Gophers junior linebacker John Carlson told himself that if he suffered another serious injury after returning from ACL surgery this fall that he would consider hanging up his helmet and shoulder pads for good.
Unfortunately for Carlson, that moment came last week. Carlson has decided to end his football career after suffering another injury to his left knee.
Carlson, a popular player in the locker room who has experienced more than his share of medical setbacks, said he came to his decision after another surgery on his left knee last week.
"It was the hardest decision I've ever had to make," Carlson said. "I put in a lot of hard work the last four years. You build such strong relationships with your teammates and coaches. I tried my best, but this is the right thing to do."
Carlson tore the lateral collateral ligament and the lateral meniscus in his left knee during a special-teams drill early in camp. He tore his ACL in the same knee during spring practice. Carlson received a ligament from a cadaver in that surgery so that his rehabilitation time would be shorter and allow him to start fall camp on time.
"It's just disappointing because I felt good and was moving up the depth chart," he said.
Carlson was getting some reps with the second-team defense and would have been a staple on special teams.
Carlson's entire career was marred by setbacks. A standout quarterback at Hopkins High, he graduated early and enrolled at Minnesota in January 2004 so that he could compete in spring practice. But he was diagnosed as having mononucleosis almost immediately.
Then he suffered a torn labrum in his right (throwing) shoulder in fall camp that year and was moved to safety.

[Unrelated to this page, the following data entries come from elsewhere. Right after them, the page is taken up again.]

(* Let $\mathcal H$ be a Hilbert space and $\mathcal S,\mathcal A\subseteq\mathcal H$ closed subspaces with $\mathcal S,\mathcal A,\mathcal S^\perp,\mathcal A^\perp$ nonzero and $\mathcal A\oplus\mathcal S^\perp=\mathcal H$. Fix $\lambda\in[0,1]$, let $B:=\lambda P_{\mathcal A\mathcal S^\perp}+(1-\lambda)P_{\mathcal S}$ and $\mathcal B:=\mathcal R(B)$. Then $$\frac{1}{1+\lambda^2\frac{\sin^2(\mathcal A,\mathcal S)}{\cos^2(\mathcal A,\mathcal S)}}\le\cos^2(\mathcal B,\mathcal S)\le\frac{1}{1+\lambda^2\frac{\cos^2(\mathcal A,\mathcal S^\perp)}{\sin^2(\mathcal A,\mathcal S^\perp)}}.$$ In particular $\cos(\mathcal B,\mathcal S)\ge\cos(\mathcal A,\mathcal S)$.
   Context: $P_{\mathcal V}$ is the orthogonal projection onto a closed subspace $\mathcal V$, $\mathcal V^\perp$ its orthogonal complement, $\mathcal R(\cdot)$ the range. For closed subspaces with $\mathcal V_1\oplus\mathcal V_2=\mathcal H$, $P_{\mathcal V_1\mathcal V_2}$ is the oblique projection onto $\mathcal V_1$ along $\mathcal V_2$ (identity on $\mathcal V_1$, zero on $\mathcal V_2$). Angles between nonzero closed subspaces: $\cos(\mathcal V_1,\mathcal V_2):=\inf_{0\ne x\in\mathcal V_1}\|P_{\mathcal V_2}x\|/\|x\|$, $\sin(\mathcal V_1,\mathcal V_2):=\sup_{0\ne x\in\mathcal V_1}\|P_{\mathcal V_2^\perp}x\|/\|x\|$. *)

From Stdlib Require Import Reals ClassicalEpsilon.
Open Scope R_scope.
Lemma prodset_closed (k : nat) (A B : seq L) :
  in_Rn n alpha A -> in_Rn n alpha B ->
  cyc_union k (expset n alpha A) -> cyc_union k (expset n alpha B) ->
  cyc_union k (expset n alpha (prodset A B)).
Proof.
have an := alpha_expn alpha_prim.
move=> ARn BRn kA kB j; rewrite inE => /allpairsP [[a b] [/= Aa Bb ab]] m j' j'E.
have [ia ea] := ARn _ Aa; have [ib eb] := BRn _ Bb.
have kclosed (Z : seq L) (i : 'I_n) : cyc_union k (expset n alpha Z) ->
    alpha ^+ i \in Z -> alpha ^+ ((i * k ^ m) %% n) \in Z.
  move=> kZ Zi; have := kZ i _ m (ord_mod i (i * k ^ m)) erefl.
  by rewrite !inE; apply.
rewrite inE; apply/allpairsP.
exists (alpha ^+ ((ia * k ^ m) %% n), alpha ^+ ((ib * k ^ m) %% n)); split.
- by apply: kclosed; rewrite // -ea.
- by apply: kclosed; rewrite // -eb.
by rewrite /= j'E !(expr_mod _ an) !exprM -exprMn -ea -eb -ab.
Qed.

(* For a coordinate i,
   rotate u so that its support S contains i; for codewords x, y of C_AB
   the word u * (x - y) lies in C_B and its weight is the distance of x
   and y on S. *)
Lemma locality_from_dual_word (A B : seq L) (gB : {poly F}) (u : 'rV[F]_n)
    (dB : nat) :
  in_Rn n alpha A -> in_Rn n alpha B ->
  defpoly n alpha B = map_poly (in_alg L) gB ->
  dual_spectrum alpha A u -> u != 0 ->
  (forall x y, cyclic_code n alpha B x -> cyclic_code n alpha B y -> x <> y ->
     (dB <= hdist setT x y)%N) ->
  has_locality (cyclic_code n alpha (prodset A B))
               (#|[set j | u 0 j != 0]| - dB + 1) dB.
Proof.
move=> ARn BRn Bg uA u_nz minB i.
have [j0 uj0] : exists j0, u 0 j0 != 0.
  apply/existsP; apply: contraNT u_nz => /existsPn u0.
  by apply/eqP/rowP => j; rewrite mxE; apply/eqP/negPn/u0.
set s := ord_sub j0 i; set S := [set j | rot u s 0 j != 0].
exists S; split.
- by rewrite inE mxE -{1}(ord_add_sub j0 i) ord_addK.
- by rewrite card_rot_support; lia.
move=> x y Cx Cy dxy_nz; set w := hadamard (rot u s) (x - y).
have Cw : cyclic_code n alpha B w.
  apply: (code_of_roots alpha_prim Bg) => j Bj.
  apply: (hadamard_roots alpha_prim (dual_spectrum_rot alpha_prim s uA) _ Bj) => z ABz.
  have ABRn := in_Rn_prodset ARn BRn.
  by rewrite ev_sub !(code_roots alpha_prim ABRn _ ABz) ?subrr.
have dxy : hdist S x y = hdist setT w 0.
  apply: eq_card => j.
  by rewrite !inE !mxE mulf_eq0 negb_or subr_eq0.
rewrite dxy; apply: minB => // [|w0]; first exact: code0.
by apply: dxy_nz; rewrite dxy w0 /hdist; apply/eqP; rewrite cards_eq0;
   apply/eqP/setP => j; rewrite !inE eqxx.
Qed.

End Locality.

Theorem corollary3p5 (F : finFieldType) (L : fieldExtType F) (n d : nat)
  (alpha : L) (A B : seq L) (dAperp dB : nat) :
  (0 < n)%N -> coprime n #|F| ->
  (* d is the multiplicative order of q = #|F| modulo n, and L = F_{q^d} *)
  (0 < d)%N -> (#|F| ^ d = 1 %[mod n])%N ->
  (forall k : nat, (0 < k < d)%N -> (#|F| ^ k != 1 %[mod n])%N) ->
  (\dim {: L} = d)%N ->
  n.-primitive_root alpha ->
  in_Rn n alpha A -> in_Rn n alpha B ->
  cyc_union #|F| (expset n alpha A) -> cyc_union #|F| (expset n alpha B) ->
  is_min_dist (dual_code (cyclic_code n alpha A)) dAperp ->
  is_min_dist (cyclic_code n alpha B) dB ->
  (dB < dAperp)%N ->
  cyc_union #|F| (expset n alpha (prodset A B)) /\
  has_locality (cyclic_code n alpha (prodset A B)) (dAperp - dB + 1) dB.
Proof.
move=> _ _ d_gt0 qd _ _ prim ARn BRn qA qB mindA [_ minB] _.
split; first exact: prodset_closed.
have [gA Ag] := defpoly_over prim d_gt0 qd qA.
have [gB Bg] := defpoly_over prim d_gt0 qd qB.
have [u [Du u_nz <-]] := dual_min_word mindA.
exact: locality_from_dual_word ARn BRn Bg (dual_code_spectrum prim Ag Du) u_nz minB.
Qed.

"I had never played defense," he said, laughing.
He moved to linebacker last season but then suffered a Grade II separation in his same shoulder. Carlson still experiences some discomfort when he sleeps on his right side.
He was excited about his opportunities with new coaching staff, but he tore his ACL this spring and then suffered this latest injury.
Carlson said he hopes to be around the team as much as possible this season. He is scheduled to graduate in December with a degree in housing studies management finance.
"I learned a lot of life lessons the last four years," he said.
Gophers coach Tim Brewster had no real surprises in his first two-deep of the season. Among the notables:
D.J. Burris and Ned Tavale are still competing for the starting spot at right guard.
True freshman Duane Bennett moved ahead of Jay Thomas at No. 2 tailback.